I miss Duke -- and I don’t mean John Wayne
Chuck Wenk and his pet parrot, Duke
Updated: March 29, 2012 3:35PM
I’ve rarely spoken about Duke, who has been sharing my office for almost 30 years.
Duke has always been a beautiful green-and-yellow “Blue Amazon” parrot who loves me and my daughter Wendy, spending lots of time on our shoulders, walking around the office with us. He could never really fly, as we’ve kept his wings clipped regularly -- though on rare occasions, if something disturbed him (like my son, who just never hit it off with Duke for some reason), he’d flap his wings enough to move to another desk in the office. And he was once found walking the floor during the security guard’s nightly check, and the security guard was never quite the same after that!
I’ve taken him across the street in Highland Park to the bank, and even to my grandson Sam’s class at the old Lake Bluff Central School for “Pirate Day,” where I spoke to the kids about why parrots are usually loyal to just one person, and why that worked well for pirates (and sole practitioners) over the years. One of the fifth-graders asked me back then who would take the parrot if something happened to me. I told him my son or daughter would.

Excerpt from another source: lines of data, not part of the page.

(* Let $f : M^* \to \mathbb{R}^3$ be a trivalent polyhedral surface with nonvanishing edge lengths, with the three face normals at every vertex linearly independent and adjacent faces satisfying $n_l \neq \pm n_r$. For $t \in (-\epsilon,\epsilon)$ let $f_t$ be the polyhedral surface obtained by offsetting every face in parallel by the same distance $t$ in the direction of its normal, i.e. with the same face normals $n$ and heights $h_\phi + t$. Then for every face $\phi \in F^*$, \[ H_\phi = \frac12 \frac{d}{dt}\mathrm{Area}(f_t(\phi))\Big|_{t=0}. \]
   Context: Let $M=(V,E,F)$ be a cellular decomposition of an oriented surface without boundary (each face having finitely many edges), and $M^*=(V^*,E^*,F^* )$ its dual decomposition; faces of $M^*$ correspond bijectively to vertices of $M$. A polyhedral surface is a map $f : V^* \to \mathbb{R}^3$ such that the vertices of each face $\phi \in F^*$ are coplanar (faces may self-intersect). It is trivalent if every vertex of $M^*$ has degree 3. For each face $\phi$, $n_\phi \in \mathbb{S}^2$ is its unit normal (compatible with the orientation) and $h_\phi = \langle f_i, n_\phi\rangle$ for any vertex $i$ of $\phi$ is its height; the vertices of a trivalent surface are determined by $(n,h)$ as intersections of three face planes. For an oriented edge from $i$ to $j$, the left face $l$ is the face whose positively oriented boundary traverses $i \to j$, and the right face $r$ is the other face containing the edge. The edge length is $\ell_{ij} = \|f_j - f_i\|$ and the dihedral angle $\alpha_{ij} \in (-\pi,\pi)$ is defined by $\cos\alpha_{ij} = \langle n_l, n_r\rangle$ and $\sin\alpha_{ij} = \langle n_l \times n_r, (f_j - f_i)/\|f_j-f_i\|\rangle$. The integrated mean curvature of a face is $H_\phi = \frac12\sum_{ij\in\partial\phi}\ell_{ij}\tan\frac{\alpha_{ij}}{2}$. The signed area of a face $\phi$ with boundary vertices $i_1,\dots,i_m$ in positive cyclic order is $\mathrm{Area}(f(\phi)) = \frac12\sum_{s=1}^m \langle f_{i_s}\times f_{i_{s+1}}, n_\phi\rangle$ (indices mod $m$). *)

From Stdlib Require Import Reals Lra List.
From Coquelicot Require Import Coquelicot.
Import ListNotations.
Open Scope R_scope.

Definition vec : Type := (R * R * R)%type.

Definition vadd (u v : vec) : vec :=
  let '(u1, u2, u3) := u in let '(v1, v2, v3) := v in (u1 + v1, u2 + v2, u3 + v3).
Definition vscal (a : R) (u : vec) : vec :=
  let '(u1, u2, u3) := u in (a * u1, a * u2, a * u3).
Definition vopp (u : vec) : vec := vscal (-1) u.
Definition vsub (u v : vec) : vec := vadd u (vopp v).
Definition vzero : vec := (0, 0, 0).
Definition dot (u v : vec) : R :=
  let '(u1, u2, u3) := u in let '(v1, v2, v3) := v in u1 * v1 + u2 * v2 + u3 * v3.
Definition cross (u v : vec) : vec :=
  let '(u1, u2, u3) := u in let '(v1, v2, v3) := v in
  (u2 * v3 - u3 * v2, u3 * v1 - u1 * v3, u1 * v2 - u2 * v1).
Definition vnorm (u : vec) : R := sqrt (dot u u).

Definition lin_indep3 (a b c : vec) : Prop :=
  forall l1 l2 l3 : R,
    vadd (vscal l1 a) (vadd (vscal l2 b) (vscal l3 c)) = vzero ->
    l1 = 0 /\ l2 = 0 /\ l3 = 0.

(* Oriented boundary edges of a face whose boundary vertices, in positive
   cyclic order, are the list s = [i1; ...; im]: (i1,i2), ..., (im,i1). *)
Definition cyc_edges {V : Type} (s : list V) : list (V * V) :=
  match s with
  | [] => []
  | x :: t => combine s (t ++ [x])
  end.

Definition sumR {A : Type} (g : A -> R) (l : list A) : R :=
  fold_right Rplus 0 (map g l).

(* The combinatorics of M^*: every oriented edge i->j of a face phi lies on the
   boundary of no other face in that orientation (phi is its left face), and it
   is traversed in the opposite direction j->i by some face r (its right face):
   an oriented surface without boundary. *)
Definition closed_oriented {V F : Type} (bd : F -> list V) : Prop :=
  forall (phi : F) (i j : V), In (i, j) (cyc_edges (bd phi)) ->
    (forall psi : F, In (i, j) (cyc_edges (bd psi)) -> psi = phi) /\
    (exists r : F, In (j, i) (cyc_edges (bd r))).

(* Dihedral angle alpha of the oriented edge from fi to fj with left face normal
   nl and right face normal nr. *)
Definition dihedral_angle (nl nr fi fj : vec) (alpha : R) : Prop :=
  - PI < alpha < PI /\
  cos alpha = dot nl nr /\
  sin alpha = dot (cross nl nr) (vscal (/ vnorm (vsub fj fi)) (vsub fj fi)).

Definition face_area {V : Type} (p : V -> vec) (nrm : vec) (s : list V) : R :=
  / 2 * sumR (fun e : V * V => dot (cross (p (fst e)) (p (snd e))) nrm) (cyc_edges s).

Definition mean_curv {V : Type} (p : V -> vec) (alpha : V -> V -> R) (s : list V) : R :=
  / 2 * sumR (fun e : V * V =>
                vnorm (vsub (p (snd e)) (p (fst e))) * tan (alpha (fst e) (snd e) / 2))
             (cyc_edges s).

(* Offsetting every face plane by t moves each vertex affinely, f_i + t w_i, where
   w_i is the unique vector with <w_i, n> = 1 for the three normals n at i.  The
   derivative of the shoelace area then splits edge by edge, up to a telescoping
   sum, into (1/2) <(f_j - f_i) x n_phi, w_i + w_j>.  Since the edge is orthogonal
   to both adjacent normals and <w, n_l> = <w, n_r> = 1, a Gram-determinant
   computation identifies <(f_j - f_i) x n_l, w> with l_ij tan(alpha_ij / 2). *)

From Stdlib Require Import Reals List Lra Lia.
From Coquelicot Require Import Coquelicot.
Import ListNotations.
Open Scope R_scope.

Ltac vec_ring :=
  repeat match goal with v : vec |- _ => destruct v as [[? ?] ?] end;
  unfold vzero; simpl;
  try (apply pair_equal_spec; split; [apply pair_equal_spec; split |]);
  ring.

Lemma dot_vaddl u v w : dot (vadd u v) w = dot u w + dot v w.
Proof. vec_ring. Qed.

Lemma dot_vaddr u v w : dot u (vadd v w) = dot u v + dot u w.
Proof. vec_ring. Qed.

Lemma dot_vscall a u w : dot (vscal a u) w = a * dot u w.
Proof. vec_ring. Qed.

Lemma dot_vscalr a u w : dot u (vscal a w) = a * dot u w.
Proof. vec_ring. Qed.

Lemma dot_vsubl u v w : dot (vsub u v) w = dot u w - dot v w.
Proof. vec_ring. Qed.

Lemma dot_self_ge0 u : 0 <= dot u u.
Proof. destruct u as [[a b] c]; simpl; nra. Qed.

Lemma dot_self_eq0 u : dot u u = 0 -> u = vzero.
Proof.
  destruct u as [[a b] c]; simpl; intro H.
  assert (a = 0) by nra; assert (b = 0) by nra; assert (c = 0) by nra.
  subst; reflexivity.
Qed.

“Well who will get him if your kids aren’t here?” he asked.
“In that case, you!” I chirped.
Duke was always the star of our holiday building party, where we would put him out in the lobby to greet the public for a few hours.
Wendy (Wenk) and I regularly pet his feathers and held him, while my son Wes -- who bravely fed him on weekends -- wouldn’t even attempt to pet him, even if he put on full catcher’s gear, including mask and chest protector.
Duke had been really healthy for those 30 years, shedding lots of feathers during “molting season” and often squawking loud enough that only his true owner could share an office with him (he never really embraced the two words I tried to teach him at our insurance business: “Claim denied!”). All of a sudden recently, he was strangely quiet, and had his eyes closed most of the day. That first night Wendy stayed with him all night, feeding him orange slices and water every hour. He made it through the night, but when he wasn’t much better that next morning, we called everybody we knew, to find a traveling bird doctor.
Neighbor Carol Weinstock in Lake Bluff rushed home to give us the number of her vet, but she and a few others did not treat birds. Others suggested 24-hour bird hospitals in the area, but two good friends urged me to bring him quickly to their favorite bird and animal hospital…which was a wonderful place that obviously specialized in treating parrots and all sorts of birds. Unfortunately, Dukie didn’t make it, and we just didn’t get there in time.
Steve Amdur and the Strusiners, our landlords, never flinched and always welcomed Duke from the beginning. And lots of tenants would bring their kids in to give him a peanut or talk to him. Duke loved kids and would usually perform his little trick where he would grab a peanut from me, right from my mouth!
At least for a while now, I may actually hear every word of my phone calls, as that background squawking won’t be drowning them out. That may be just too quiet for me!